I feel like all I ever talk or write about it a) my busy schedule and b) being tired. But it's hard to pretend those don't exist, since they are the dominating forces at the moment.
Midway through my fourth week, I'm still surviving and enjoying it even. Last night, I started night class that will last two months. It was hard to get home at 10:00 pm, and I felt extra tired today...but it is a class of 40 other student teachers from around the valley, and I really think I'll learn a lot from them and their experiences.
The teacher encouraged us to journal our experiences. She said that will help with the highs and lows we experience as teachers. So thanks to my blog, I've sort of been doing that!
She also said that had she caught us earlier in our education...she would have told us we were CRAZY for going into this profession! What? Thanks! But she's right. Not an easy career path, but obviously rewarding and meaningful.
As I was teaching math today, I felt my own frustrations surge and I need to learn how to handle them. It's hard to not feel like you're not doing a good enough job teaching when some kids "get it" and others don't. Logically, I know that not everyone learns at the same time and in the same way or same speed. But emotionally, that's hard to swallow and accept. I hate seeing some of the kids zone out because they just don't understand "greater than" or "less than". It makes me feel flustered and frustrated. I don't let THEM know that, but I can tell when I start to feel my voice dry out and the need for the air to be on 60 degrees that I'm hot and bothered. Poor little kids. I don't feel frustrated at THEM, but at myself. I need to learn that balance.
Planning lessons sort of reminds me of planning for motherhood. You have this mental plan of how things should go, and you never factor in all the bumps in the road that throw your plan off. Planning a perfect lesson can sound great in your head, and then the kids are too wild, ask to go to the bathroom too many times, get distracted by their neighbor playing with a piece of string and snot running down their nose!
My mom always says "Blessed are the flexible, for they shall not be bent out of shape". So true!
Really though, I just want to take all of these kids home. I love them all for such different reasons, and I really feel strongly about seeing them all as individuals. Yesterday, they were testing in their ability to write 1-100 and one little boy was sort of spacing off and looking around. Mrs. Garza though he was trying to cheat, so she sort of marched up to him and said "Nathan, keep your eyes on your paper! Don't cheat!". And then marched away back to the class (he was with me at the back table). What she didn't see when she walked away were his eyes filled with tears and how hard he was trying to hold back his sadness. I knew he wasn't trying to cheat. And I knew she wasn't trying to be mean. Keeping on top of 20 6 year olds isn't easy! So I just said "Nathan, it's okay. You are doing such a great job! Don't worry, you're not in trouble". And he took some deep breaths and calmed down.

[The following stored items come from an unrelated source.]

Lemma sum_prob_out (U : 'I_n -> 'M[R[i]]_2) :
  (forall i, i \in S -> Defs.is_unitary (U i)) ->
  \sum_(z : outcome S) prob_out psi U z = 1.
Proof.
move=> uU; rewrite /prob_out -Re_sum -[RHS]/(complex.Re 1) -(trace_conj_pure_dm uU).
congr complex.Re; rewrite /trace exchange_big /=; apply: eq_bigr => x _.
rewrite {1}/opmul exchange_big /=.
under eq_bigr do rewrite -mulr_sumr sum_proj_out.
by rewrite (bigD1 x) //= eqxx mulr1 big1 ?addr0 // => w /negbTE ->; rewrite mulr0.
Qed.

End NQubits.

Section BoundedMeasurable.
Variables (R : realType) (d : measure_display) (T : measurableType d).

Definition bounded_measurable (f : T -> R) :=
  measurable_fun setT f /\ exists M : R, forall w, `|f w| <= M.

(* R[i] carries no sigma-algebra, so complex random variables are handled
   through their real and imaginary parts. *)
Definition cbounded_measurable (g : T -> R[i]) :=
  bounded_measurable (fun w => complex.Re (g w)) /\
  bounded_measurable (fun w => complex.Im (g w)).

Lemma bounded_measurable_cst (c : R) : bounded_measurable (fun _ => c).
Proof. by split; [exact: measurable_cst | exists `|c|]. Qed.

Lemma bounded_measurableD (f g : T -> R) : bounded_measurable f -> bounded_measurable g ->
  bounded_measurable (fun w => f w + g w).
Proof.
move=> [mf [M fM]] [mg [N gN]]; split; first exact: measurable_funD.
by exists (M + N) => w; apply: le_trans (ler_normD _ _) _; apply: lerD.
Qed.

Lemma bounded_measurableN (f : T -> R) : bounded_measurable f ->
  bounded_measurable (fun w => - f w).
Proof.
move=> [mf [M fM]]; split; first exact: measurable_funN.
by exists M => w; rewrite normrN.
Qed.

Lemma bounded_measurableM (f g : T -> R) : bounded_measurable f -> bounded_measurable g ->
  bounded_measurable (fun w => f w * g w).
Proof.
move=> [mf [M fM]] [mg [N gN]]; split; first exact: measurable_funM.
by exists (M * N) => w; rewrite normrM; apply: ler_pM.
Qed.

Lemma bounded_measurable_sum (I : Type) (r : seq I) (P : pred I) (F : I -> T -> R) :
  (forall i, bounded_measurable (F i)) ->
  bounded_measurable (fun w => \sum_(i <- r | P i) F i w).
Proof.
move=> mF; elim: r => [|i r IHr].
  under [X in bounded_measurable X]funext do rewrite big_nil.
  exact: bounded_measurable_cst.
under [X in bounded_measurable X]funext do rewrite big_cons.
by case: (P i) => //; apply: bounded_measurableD.
Qed.

Lemma bounded_measurableX (f : T -> R) (k : nat) : bounded_measurable f ->
  bounded_measurable (fun w => f w ^+ k).
Proof.
move=> mf; elim: k => [|k IHk].
  under [X in bounded_measurable X]funext do rewrite expr0.
  exact: bounded_measurable_cst.
by under [X in bounded_measurable X]funext do rewrite exprS; apply: bounded_measurableM.
Qed.
Lemma rect_int_le_of_approx f r p l eta del : rect_ok r -> cdiff_on f r -> 0 <= eta ->
  rx0 r <= fst p <= rx1 r -> ry0 r <= snd p <= ry1 r -> rect_size r < del ->
  (forall w, Cmod (w - p) < del -> Cmod (f w - f p - l * (w - p)) <= eta * Cmod (w - p)) ->
  Cmod (rect_int f r) <= 2 * eta * rect_size r ^ 2.
Proof.
intros [Hx Hy] Hf Heta Hpx Hpy Hsize Happrox.
replace (2 * eta * rect_size r ^ 2) with (2 * rect_size r * (eta * rect_size r)) by ring.
unfold rect_int, rect_size; apply bdry_int_approx_affine with p l; try assumption.
- apply bdry_integrable_of_cdiff; assumption.
- intros w Hwx Hwy; apply Happrox; eapply Rle_lt_trans; [apply Cmod_le_Rabs_sum|].
  assert (Habs : forall a b lo hi, lo <= a <= hi -> lo <= b <= hi -> Rabs (a - b) <= hi - lo)
    by (intros; unfold Rabs; destruct Rcase_abs; lra).
  pose proof (Habs _ _ _ _ Hwx Hpx); pose proof (Habs _ _ _ _ Hwy Hpy).
  unfold rect_size in Hsize; simpl; unfold Rminus in *; lra.
Qed.

(* If the integral c were nonzero, the nested worst quadrants, of size s/2^k and integral at
   least c/4^k, would shrink to a point where f is differentiable, making the integral o(4^-k). *)
Lemma goursat f x0 x1 y0 y1 : x0 <= x1 -> y0 <= y1 -> cdiff_on_rect f x0 x1 y0 y1 ->
  bdry_int f x0 x1 y0 y1 = 0%C.
Proof.
intros Hx Hy Hf.
set (r0 := mkRect x0 x1 y0 y1).
assert (Hr0 : rect_ok r0) by (split; simpl; assumption).
change (rect_int f r0 = 0%C); change (cdiff_on f r0) in Hf.
apply Cmod_eq_0; destruct (Cmod_ge_0 (rect_int f r0)) as [Hc | E]; [exfalso | symmetry; exact E].
set (c := Cmod (rect_int f r0)) in Hc.
destruct (nested_rects_common_point f r0 Hr0 Hf) as [p Hp].
destruct (Hf (fst p) (snd p) (proj1 (Hp O)) (proj2 (Hp O))) as [l Hl].
rewrite <- surjective_pairing in Hl.
set (s := rect_size r0).
assert (Hs : 0 <= s) by (unfold s, rect_size; simpl; lra).
set (eta := c / (4 * (s * s + 1))).
assert (Heta : 0 < eta) by (unfold eta; apply Rdiv_lt_0_compat; nra).
destruct (cderiv_approx f p l Hl eta Heta) as [del [Hdel Happrox]].
destruct (exists_pow2_lt s del Hs Hdel) as [k Hk].
destruct (nested_rects_spec f r0 Hr0 Hf k) as (Hok & Hkf & Hksize & Hkint).
pose proof (rect_int_le_of_approx f _ p l eta del Hok Hkf ltac:(lra) (proj1 (Hp k)) (proj2 (Hp k))
              ltac:(rewrite Hksize; exact Hk) Happrox) as Hbound.
rewrite Hksize in Hbound.
assert (H2k : 0 < 2 ^ k) by (apply pow_lt; lra).
assert (c <= 2 * eta * s ^ 2).
{ eapply Rle_trans; [exact Hkint|].
  replace (4 ^ k) with (2 ^ k * 2 ^ k) by (rewrite <- Rpow_mult_distr; f_equal; ring).
  replace (2 * eta * s ^ 2) with (2 * eta * (s / 2 ^ k) ^ 2 * (2 ^ k * 2 ^ k)) by (field; lra).
  apply Rmult_le_compat_r; [nra | exact Hbound]. }
assert (2 * eta * s ^ 2 < c).
{ replace (2 * eta * s ^ 2) with (c * (s * s / (2 * (s * s + 1)))) by (unfold eta; field; nra).
  assert (s * s / (2 * (s * s + 1)) < 1).
  { apply Rmult_lt_reg_r with (2 * (s * s + 1)); [nra|].
    unfold Rdiv; rewrite Rmult_assoc, Rinv_l by nra; nra. }
  nra. }
lra.
Qed.
(* Let $p,q$ be odd primes with $q-p=2$, let $\varepsilon\in\{1,-1\}$, let $D=D_1\cdots D_n$ ($n\ge 0$) be a product of distinct odd primes with $\gcd(pq,D)=1$, and let $E_D/\mathbb{Q}$ be the elliptic curve $y^2=x(x+\varepsilon pD)(x+\varepsilon qD)$. For a prime $l$ let $\widetilde{E}_l$ be the reduction modulo $l$ of this equation and $a_l=l+1-\#\widetilde{E}_l(\mathbb{F}_l)$. Then: (1) if $3\nmid pqD$, then $\#\widetilde{E}_3(\mathbb{F}_3)=4$ and $a_3=0$; (2) if $7\nmid pqD$ and $p\equiv2,3,6\pmod7$, then $\#\widetilde{E}_7(\mathbb{F}_7)=8$ and $a_7=0$; (3) assume $5\nmid pqD$: (3a) if $p\equiv1,2\pmod5$, then $\#\widetilde{E}_5(\mathbb{F}_5)=4$, $a_5=2$ when $D\equiv1,4\pmod5$, and $\#\widetilde{E}_5(\mathbb{F}_5)=8$, $a_5=-2$ when $D\equiv2,3\pmod5$; (3b) if $p\equiv4\pmod5$, then $\#\widetilde{E}_5(\mathbb{F}_5)=8$, $a_5=-2$ when $D\equiv1,4\pmod5$, and $\#\widetilde{E}_5(\mathbb{F}_5)=4$, $a_5=2$ when $D\equiv2,3\pmod5$; (4) assume $7\nmid pqD$: (4a) if ($\varepsilon=1$ and $p\equiv1\pmod7$) or ($\varepsilon=-1$ and $p\equiv4\pmod7$), then $\#\widetilde{E}_7(\mathbb{F}_7)=12$, $a_7=-4$ when $D\equiv1,2,4\pmod7$, and $\#\widetilde{E}_7(\mathbb{F}_7)=4$, $a_7=4$ when $D\equiv3,5,6\pmod7$; (4b) if ($\varepsilon=1$ and $p\equiv4\pmod7$) or ($\varepsilon=-1$ and $p\equiv1\pmod7$), then $\#\widetilde{E}_7(\mathbb{F}_7)=4$, $a_7=4$ when $D\equiv1,2,4\pmod7$, and $\#\widetilde{E}_7(\mathbb{F}_7)=12$, $a_7=-4$ when $D\equiv3,5,6\pmod7$; (5) $\#\widetilde{E}_2(\mathbb{F}_2)=3$; $\#\widetilde{E}_{D_i}(\mathbb{F}_{D_i})=D_i+1$ for $i=1,\dots,n$; $\#\widetilde{E}_p(\mathbb{F}_p)=p$ if $(\frac{2\varepsilon D}{p})=1$ and $=p+2$ if $(\frac{2\varepsilon D}{p})=-1$; $\#\widetilde{E}_q(\mathbb{F}_q)=q$ if $(\frac{-2\varepsilon D}{q})=1$ and $=q+2$ if $(\frac{-2\varepsilon D}{q})=-1$.
   Context: $\widetilde{E}_l$ denotes the projective plane cubic over $\mathbb{F}_l$ obtained by reducing the given Weierstrass equation modulo $l$; $\#\widetilde{E}_l(\mathbb{F}_l)$ counts all of its $\mathbb{F}_l$-points (including the point at infinity and, in the case of bad reduction, the singular point). $(\frac{\cdot}{\cdot})$ is the Legendre symbol. *)

From HB Require Import structures.
From mathcomp Require Import all_boot all_order all_algebra.
Set Implicit Arguments. Unset Strict Implicit. Unset Printing Implicit Defensive.
Import Order.TTheory GRing.Theory Num.Theory.
Local Open Scope ring_scope.

(* Number of F_l-points of the projective plane cubic
   Y^2 Z = X (X + a Z) (X + b Z) reduced mod l (l prime):
   nonzero solutions in F_l^3 counted up to the (l-1) nonzero scalars. *)
Definition Ecount (l : nat) (a b : int) : nat :=
  (#|[set v : 'F_l * 'F_l * 'F_l |
      ((v != (0, 0, 0)) &&
       (v.1.2 ^+ 2 * v.2 ==
        v.1.1 * (v.1.1 + a%:~R * v.2) * (v.1.1 + b%:~R * v.2)))%R]| %/ l.-1)%N.

Definition atrace (l : nat) (a b : int) : int :=
  (l%:Z + 1 - (Ecount l a b)%:Z)%R.

Definition legendre (a : int) (p : nat) : int :=
  let x : 'F_p := a%:~R in
  if x == 0 then 0 else if [exists y : 'F_p, y ^+ 2 == x] then 1 else -1.

(* For a prime l not dividing pqD the reduced curve, hence its point count,
   only depends on eps and on p and D modulo l, so for l = 2, 3, 5, 7 finitely
   many cases remain and they are computed.  At l | D the reduction is the
   cusp y^2 = x^3, at l = p and l = q it is the node y^2 = x^2 (x + c) with
   c = 2 eps D, resp. c = -2 eps D (as p = -2 mod q).  The affine points of
   the node other than (0,0) are parametrized by the slope t = y/x through
   x = t^2 - c, every t occurring except the square roots of c; so there are
   l projective points if c is a nonzero square and l + 2 if it is not a
   square, while the cusp has l + 1. *)

From mathcomp Require Import all_boot all_order all_algebra.
From mathcomp Require Import ring.
Set Implicit Arguments. Unset Strict Implicit. Unset Printing Implicit Defensive.
Import Order.TTheory GRing.Theory Num.Theory.
Local Open Scope ring_scope.

Section FiniteFieldCurves.

Variable F : finFieldType.
Implicit Types A B c : F.

Definition affine_curve A B : {set F * F} :=
  [set v | v.2 ^+ 2 == v.1 * (v.1 + A) * (v.1 + B)].

Definition projective_curve A B : {set F * F * F} :=
  [set v | (v != (0, 0, 0)) &&
     (v.1.2 ^+ 2 * v.2 == v.1.1 * (v.1.1 + A * v.2) * (v.1.1 + B * v.2))].

Lemma curve_eq_scale A B x y z : z != 0 ->
  ((y * z) ^+ 2 * z == (x * z) * (x * z + A * z) * (x * z + B * z)) =
  (y ^+ 2 == x * (x + A) * (x + B)).
Proof.
move=> z_neq0; rewrite -subr_eq0 -[RHS]subr_eq0.
have -> : (y * z) ^+ 2 * z - x * z * (x * z + A * z) * (x * z + B * z)
   = z ^+ 3 * (y ^+ 2 - x * (x + A) * (x + B)) by ring.
by rewrite mulf_eq0 expf_eq0 /= (negPf z_neq0).
Qed.

Lemma projective_curve_at_infinity A B :
  projective_curve A B :&: [set v | v.2 == 0] = (fun y => (0, y, 0)) @: [set~ 0].
Proof.
apply/setP => -[[x y] z]; rewrite !inE /=; apply/andP/imsetP.
- move=> [/andP[nz /eqP E] /eqP z0]; subst z.
  move: E; rewrite !mulr0 !addr0 => /esym/eqP; rewrite !mulf_eq0 !orbb => /eqP x0.
  by subst x; exists y => //; rewrite !inE; apply: contra nz => /eqP ->.
- case=> y'; rewrite !inE => y'_neq0 [-> -> ->].
  rewrite !mulr0 !mul0r eqxx andbT; split=> //.
  by apply: contra y'_neq0 => /eqP [] ->.
Qed.

Lemma projective_curve_finite A B :
  projective_curve A B :\: [set v | v.2 == 0] =
  (fun w => (w.2.1 * w.1, w.2.2 * w.1, w.1)) @: setX [set~ 0] (affine_curve A B).
Proof.
apply/setP => -[[x y] z]; rewrite !inE /=; apply/andP/imsetP.
- move=> [z_neq0 /andP[_ E]]; exists (z, (x / z, y / z)); last by rewrite /= !divfK.
  by rewrite !inE /= z_neq0 -(curve_eq_scale _ _ _ _ z_neq0) !divfK.
- case=> -[z' [x' y']]; rewrite !inE /= => /andP[z'_neq0 E] [-> -> ->].
  rewrite curve_eq_scale // E andbT; split=> //.
  by apply: contra z'_neq0 => /eqP [] _ _ ->.
Qed.

Lemma card_projective_curve A B :
  #|projective_curve A B| = (#|F|.-1 * #|affine_curve A B|.+1)%N.
Proof.
rewrite -(cardsID [set v | v.2 == 0]) projective_curve_at_infinity.
rewrite projective_curve_finite card_imset; last by move=> y1 y2 [].
rewrite card_in_imset; first by rewrite cardsX cardsC1 mulnS addnC.
move=> [z1 [x1 y1]] [z2 [x2 y2]]; rewrite !inE /= => /andP[z1_neq0 _] _ [ex ey ez].
by subst z2; rewrite (mulIf z1_neq0 ex) (mulIf z1_neq0 ey).
Qed.

Lemma card_affine_curve_enum A B (s : seq F) : uniq s -> (forall x, x \in s) ->
  #|affine_curve A B| =
  count (fun v => v.2 ^+ 2 == v.1 * (v.1 + A) * (v.1 + B))
    [seq (x, y) | x <- s, y <- s].
Proof.
move=> s_uniq s_full; set ss := [seq (x, y) | x <- s, y <- s].
have ss_uniq : uniq ss by apply: allpairs_uniq => // -[? ?] [? ?] _ _.
have ss_full v : v \in ss by case: v => x y; apply: allpairs_f.
rewrite cardE -size_filter; apply: perm_size; apply: uniq_perm.
- exact: enum_uniq.
- exact: filter_uniq.
by move=> v; rewrite mem_enum mem_filter ss_full andbT inE.
Qed.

As tired as I am, I am trying really hard to make the little time I have with my girls be good time. I don't get on the computer, I give them lots of hugs and I try to seem really interested in all they have to say. So far, I don't think anyone has been too negatively impacted by the extreme change in our lives. We're making it work. And since the girls are in school most the day, they can relate to what I'm doing at work. It's all sort of connected.

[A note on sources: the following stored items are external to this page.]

Lemma adj_set1 e u w : adj [set e] u w -> w = inl e.1 \/ w = inr e.2.
Proof.
by case: e => x0 y0; case: u => [x|y]; case: w => [x'|y'] //=;
   rewrite inE => /eqP[<- <-]; auto.
Qed.

Lemma degG_inr G y : degG G (inr y) = RD G y.
Proof.
rewrite /degG /RD -(card_imset _ (@inl_inj 'I_n 'I_d)); apply: eq_card => -[x|y'].
  by rewrite !inE /= (mem_imset _ _ (@inl_inj 'I_n 'I_d)) inE.
by rewrite !inE /=; apply/esym/imsetP => -[].
Qed.

Lemma degG_inl_leaf G i j y : degG G (inl i) = 1 -> (i, j) \in G -> (i, y) \in G -> y = j.
Proof.
move=> /eqP/cards1P[w0 nbrs] ij iy.
have : inr j \in [set w | adj G (inl i) w] by rewrite inE.
have : inr y \in [set w | adj G (inl i) w] by rewrite inE.
by rewrite nbrs !inE => /eqP<- /eqP[].
Qed.

Lemma RD_setU1 G e y : RD (e |: G) y <= RD G y + (e.2 == y).
Proof.
rewrite /RD; have -> : [set x | (x, y) \in e |: G] =
    [set x | (x, y) \in G] :|: [set x | (x == e.1) && (e.2 == y)].
  by case: e => x0 y0; apply/setP => x; rewrite !inE xpair_eqE [y == y0]eq_sym orbC.
apply: leq_trans (leq_card_setU _ _) _; rewrite leq_add2l.
case: (e.2 == y); last by rewrite (eq_card0 (fun x => _)) // => x; rewrite inE andbF.
apply: (@leq_trans #|[set e.1]|); last by rewrite cards1.
by apply: subset_leq_card; apply/subsetP => x; rewrite !inE andbT.
Qed.

Lemma RD_setD1 G e y : e \in G -> RD (G :\ e) y + (e.2 == y) = RD G y.
Proof.
case: e => x0 y0 e_in; rewrite /RD /=; case: (y0 =P y) => [<-|ny].
  have -> : [set x | (x, y0) \in G :\ (x0, y0)] = [set x | (x, y0) \in G] :\ x0.
    by apply/setP => x; rewrite !inE xpair_eqE eqxx andbT.
  by rewrite [in RHS](cardsD1 x0) inE e_in addnC.
rewrite addn0; apply: eq_card => x; rewrite !inE xpair_eqE.
by case: (y =P y0) => [yy0|]; rewrite ?andbF //; case: ny.
Qed.

Lemma connectedG_closed G (X : {set V}) u : connectedG G -> u \in X ->
  (forall u w, u \in X -> adj G u w -> w \in X) -> forall w, w \in X.
Proof. by move=> connG uX clX w; apply: connect_forward_closed clX uX (connG u w). Qed.

Lemma connect_setD1 G e : connectedG G -> forall w,
  connect (adj (G :\ e)) (inl e.1) w || connect (adj (G :\ e)) (inr e.2) w.
Proof.
move=> connG w.
pose X := [set w | connect (adj (G :\ e)) (inl e.1) w ||
                   connect (adj (G :\ e)) (inr e.2) w].
suff: w \in X by rewrite inE.
apply: (connectedG_closed (u := inl e.1) connG) => [|u w']; first by rewrite inE connect0.
rewrite !inE => cu uw; case eAuw: (adj [set e] u w').
  by case: (adj_set1 eAuw) => ->; rewrite connect0 ?orbT.
have /connect1 uw' : adj (G :\ e) u w' by rewrite adj_setD1 eAuw uw.
by case/orP: cu => cu; rewrite (connect_trans cu uw') ?orbT.
Qed.

Lemma connect_setU1 F e u : connectedG (e |: F) ->
  connect (adj F) u (inl e.1) -> connect (adj F) u (inr e.2) ->
  forall w, connect (adj F) u w.
Proof.
move=> connG ue1 ue2 w.
suff: w \in [set w | connect (adj F) u w] by rewrite inE.
apply: (connectedG_closed (u := u) connG) => [|u' w']; first by rewrite inE connect0.
rewrite !inE adj_setU1 => uu' /orP[/adj_set1[]->|] //.
by move=> /connect1; apply: connect_trans.
Qed.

Tomorrow, my supervisor is observing me teach another Math lesson, so wish me luck (and patience).
3 comments:
I can't even imagine the patience is must require to teach a math lesson at all much less to 6 year olds! I can relate to trying to make every moment at home with your girls good ones. There are some days when I only get to see Ava for 2-3 hours. I have been really trying extra hard to make them good ones and spend some quality time with just her doing exactly what she wants to do. It is hard some times because all I can think about is the list of things I need to get done. But, I can tell that she is thriving on that attention so it makes it all so worth it!

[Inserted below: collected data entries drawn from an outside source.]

(* Let $n\ge 2$. For $T\in\mathrm{SYT}^{+k}((b,b))$ with $b\ge1$, $k\ge0$, $2b+k=n$, define the word $\alpha(T)$ as follows. The largest entry $n$ lies in the bottom-right cell; delete it. For $j=1,\dots,b$ let $A_j$ be the set in the top cell of column $j$ and $B_j$ the set in the bottom cell of column $j$ (with $n$ removed when $j=b$; $B_b$ may become empty). Then $\alpha(T)$ is the concatenation, for $j=1,\dots,b$ in order, of: the elements of $A_j\setminus\{\max A_j\}$ in increasing order, followed by the elements of $B_j$ in increasing order, followed by $\max A_j$. Then: (1) $\alpha$ is a bijection from $\bigsqcup_{b\ge1,k\ge0,\,2b+k=n}\mathrm{SYT}^{+k}((b,b))$ onto the set of $321$-avoiding permutations of $[n-1]$; (2) the set of entries in the top row of $T$ equals the set of values of the right-to-left minima of $\alpha(T)$; (3) if $T$ has $b$ columns, then $\alpha(T)$ has exactly $b-1$ inner valleys.
   Context: $\mathrm{SYT}^{+k}(\lambda)$: for a partition $\lambda$ of $N$ and $k\ge 0$, the set of fillings $S$ of the cells of the Ferrers diagram of $\lambda$ by nonempty sets of positive integers forming a set partition of $[N+k]$, such that $\max S(u)<\min S(v)$ whenever $u\ne v$ and $u$ is weakly northwest of $v$. A permutation $\pi=\pi_1\cdots\pi_m$ is $321$-avoiding if there are no $i<j<l$ with $\pi_i>\pi_j>\pi_l$. $\pi_i$ is a right-to-left minimum if $\pi_i<\pi_j$ for all $j>i$. An inner valley of $\pi$ is an entry $\pi_j$ with $1<j<m$ and $\pi_{j-1}>\pi_j<\pi_{j+1}$. *)

From mathcomp Require Import all_boot.
From mathcomp Require Import finmap.
Set Implicit Arguments. Unset Strict Implicit. Unset Printing Implicit Defensive.
Local Open Scope fset_scope.

(* A filling of a Ferrers diagram (English convention, row 0 on top):
   T is the list of rows, row r is the list of its cells (columns 0,1,...),
   each cell contains a finite set of naturals. *)
Definition filling := seq (seq {fset nat}).

Definition cell (T : filling) (r c : nat) : {fset nat} :=
  nth fset0 (nth [::] T r) c.

Definition in_diagram (lam : seq nat) (r c : nat) : bool :=
  (r < size lam) && (c < nth 0 lam r).

Definition SYTplus (lam : seq nat) (k : nat) (T : filling) : Prop :=
  let N := sumn lam in
  [/\ map size T = lam,
      (forall r c, in_diagram lam r c -> cell T r c != fset0),
      (forall r1 c1 r2 c2, in_diagram lam r1 c1 -> in_diagram lam r2 c2 ->
         (r1, c1) <> (r2, c2) -> cell T r1 c1 `&` cell T r2 c2 = fset0),
      (forall x, (1 <= x <= N + k) <->
         exists r c, in_diagram lam r c /\ x \in cell T r c)
    &
      (forall r1 c1 r2 c2, in_diagram lam r1 c1 -> in_diagram lam r2 c2 ->
         (r1, c1) <> (r2, c2) -> r1 <= r2 -> c1 <= c2 ->
         forall x y, x \in cell T r1 c1 -> y \in cell T r2 c2 -> x < y)].

(* maximum of a finite set of naturals (0 for the empty set) *)
Definition fmax (A : {fset nat}) : nat := \max_(x <- A) x.

Definition incr (A : {fset nat}) : seq nat := sort leq A.

(* The word alpha(T) for a two-row filling T = [:: top; bottom] whose largest
   entry is n (n is passed explicitly).  For column j (0-based here):
   A_j = top cell, B_j = bottom cell (with n removed in the last column);
   output incr(A_j \ max A_j) ++ incr(B_j) ++ [max A_j]. *)
Definition alpha (n : nat) (T : filling) : seq nat :=
  let b := size (nth [::] T 0) in
  flatten [seq
    let A := cell T 0 j in
    let B := if j == b.-1 then cell T 1 j `\ n else cell T 1 j in
    incr (A `\ fmax A) ++ incr B ++ [:: fmax A]
  | j <- iota 0 b].

(* words: p is a permutation of [m] = {1,...,m} in one-line notation *)
Definition is_perm_of (m : nat) (p : seq nat) : Prop := perm_eq p (iota 1 m).

Definition avoids321 (p : seq nat) : Prop :=
  forall i j l, i < j -> j < l -> l < size p ->
    ~ (nth 0 p j < nth 0 p i /\ nth 0 p l < nth 0 p j).

Definition rl_minima (p : seq nat) : seq nat :=
  [seq nth 0 p i | i <- iota 0 (size p) &
     all (fun j => nth 0 p i < nth 0 p j) (iota i.+1 (size p - i.+1))].

(* number of inner valleys: positions 1 < j < m (1-based), i.e. 0 < j < m-1
   (0-based), with p_{j-1} > p_j < p_{j+1} *)
Definition inner_valleys (p : seq nat) : nat :=
  count (fun j => (nth 0 p j < nth 0 p j.-1) && (nth 0 p j < nth 0 p j.+1))
        (iota 1 (size p).-2).

From mathcomp Require Import all_boot.
From mathcomp Require Import finmap.
From mathcomp Require Import zify.
Set Implicit Arguments. Unset Strict Implicit. Unset Printing Implicit Defensive.

(* Reading a tableau T of shape (b,b) column by column, alpha(T) is the
   concatenation of the column words (A_j minus a_j) B_j a_j, where the pivot
   a_j is the largest entry of the top cell A_j.  The tableau inequalities say
   exactly that each column word increases and then drops onto its pivot, that
   a_j lies below every later entry, and that the bottom entries increase along
   the word.  So the column words are the segments obtained by cutting alpha(T)
   right after each descent, and T can be read back from alpha(T); conversely,
   321-avoidance forces these three properties on the segments of any
   permutation cut at its descents.  A top entry is smaller than everything
   after it, while a bottom entry is followed by the smaller pivot of its
   column: the top row consists of the right-to-left minima.  Finally the inner
   valleys are the pivots a_1, ..., a_(b-1). *)

(** * Column words *)

(* A column is encoded by its body, listing A minus its maximum and then B, and
   its pivot, the maximum of A; top and bottom entries are told apart by
   comparison with the pivot. *)
Definition column := (seq nat * nat)%type.

Definition col_seq (c : column) : seq nat := rcons c.1 c.2.
Definition col_top (c : column) : seq nat := [seq x <- col_seq c | x <= c.2].
Definition col_bot (c : column) : seq nat := [seq x <- c.1 | c.2 < x].
Definition word (cs : seq column) : seq nat := flatten (map col_seq cs).

Lemma word_cons c cs : word (c :: cs) = col_seq c ++ word cs.
Proof. by []. Qed.

(* With a sorted body, the first conjunct says that the bottom cell of [c] is
   nonempty. *)
Definition col_before (c c' : column) : bool :=
  [&& c.2 < last c.2 c.1, all (fun y => c.2 < y) (col_seq c')
    & allrel ltn (col_bot c) (col_bot c')].

Definition good_cols (cs : seq column) : bool :=
  all (fun c => sorted ltn c.1) cs && pairwise col_before cs.

Lemma good_cols_cons c cs :
  good_cols (c :: cs) = [&& sorted ltn c.1, all (col_before c) cs & good_cols cs].
Proof. by rewrite /good_cols /= -!andbA; congr (_ && _); rewrite andbCA. Qed.

Lemma mem_col_seq c x : (x \in col_seq c) = (x == c.2) || (x \in c.1).
Proof. by rewrite mem_rcons inE. Qed.

Lemma mem_col_bot c x : (x \in col_bot c) = (x \in col_seq c) && (c.2 < x).
Proof.
rewrite mem_filter mem_col_seq andbC.
by case: eqP => [->|]; rewrite ?ltnn ?andbF.
Qed.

I really do love to read your posts of your teaching experiences. I can relate to so much of what you are explaining and going through. Every once in a while when financing seem to waiver and get tight, QUinn will bring up the idea of me going back to work and then he realizes what that would do to our little family and I REMEMBER how hard it was, when we only had 2! I am lucky HE has figured out how to make it work, so I can be home. You are do an amazing job handling your situation, and I can only imagine you are teaching your girls some great things along the way!
I can't even imagine adding in an actual career to our busy days! Bravo to you.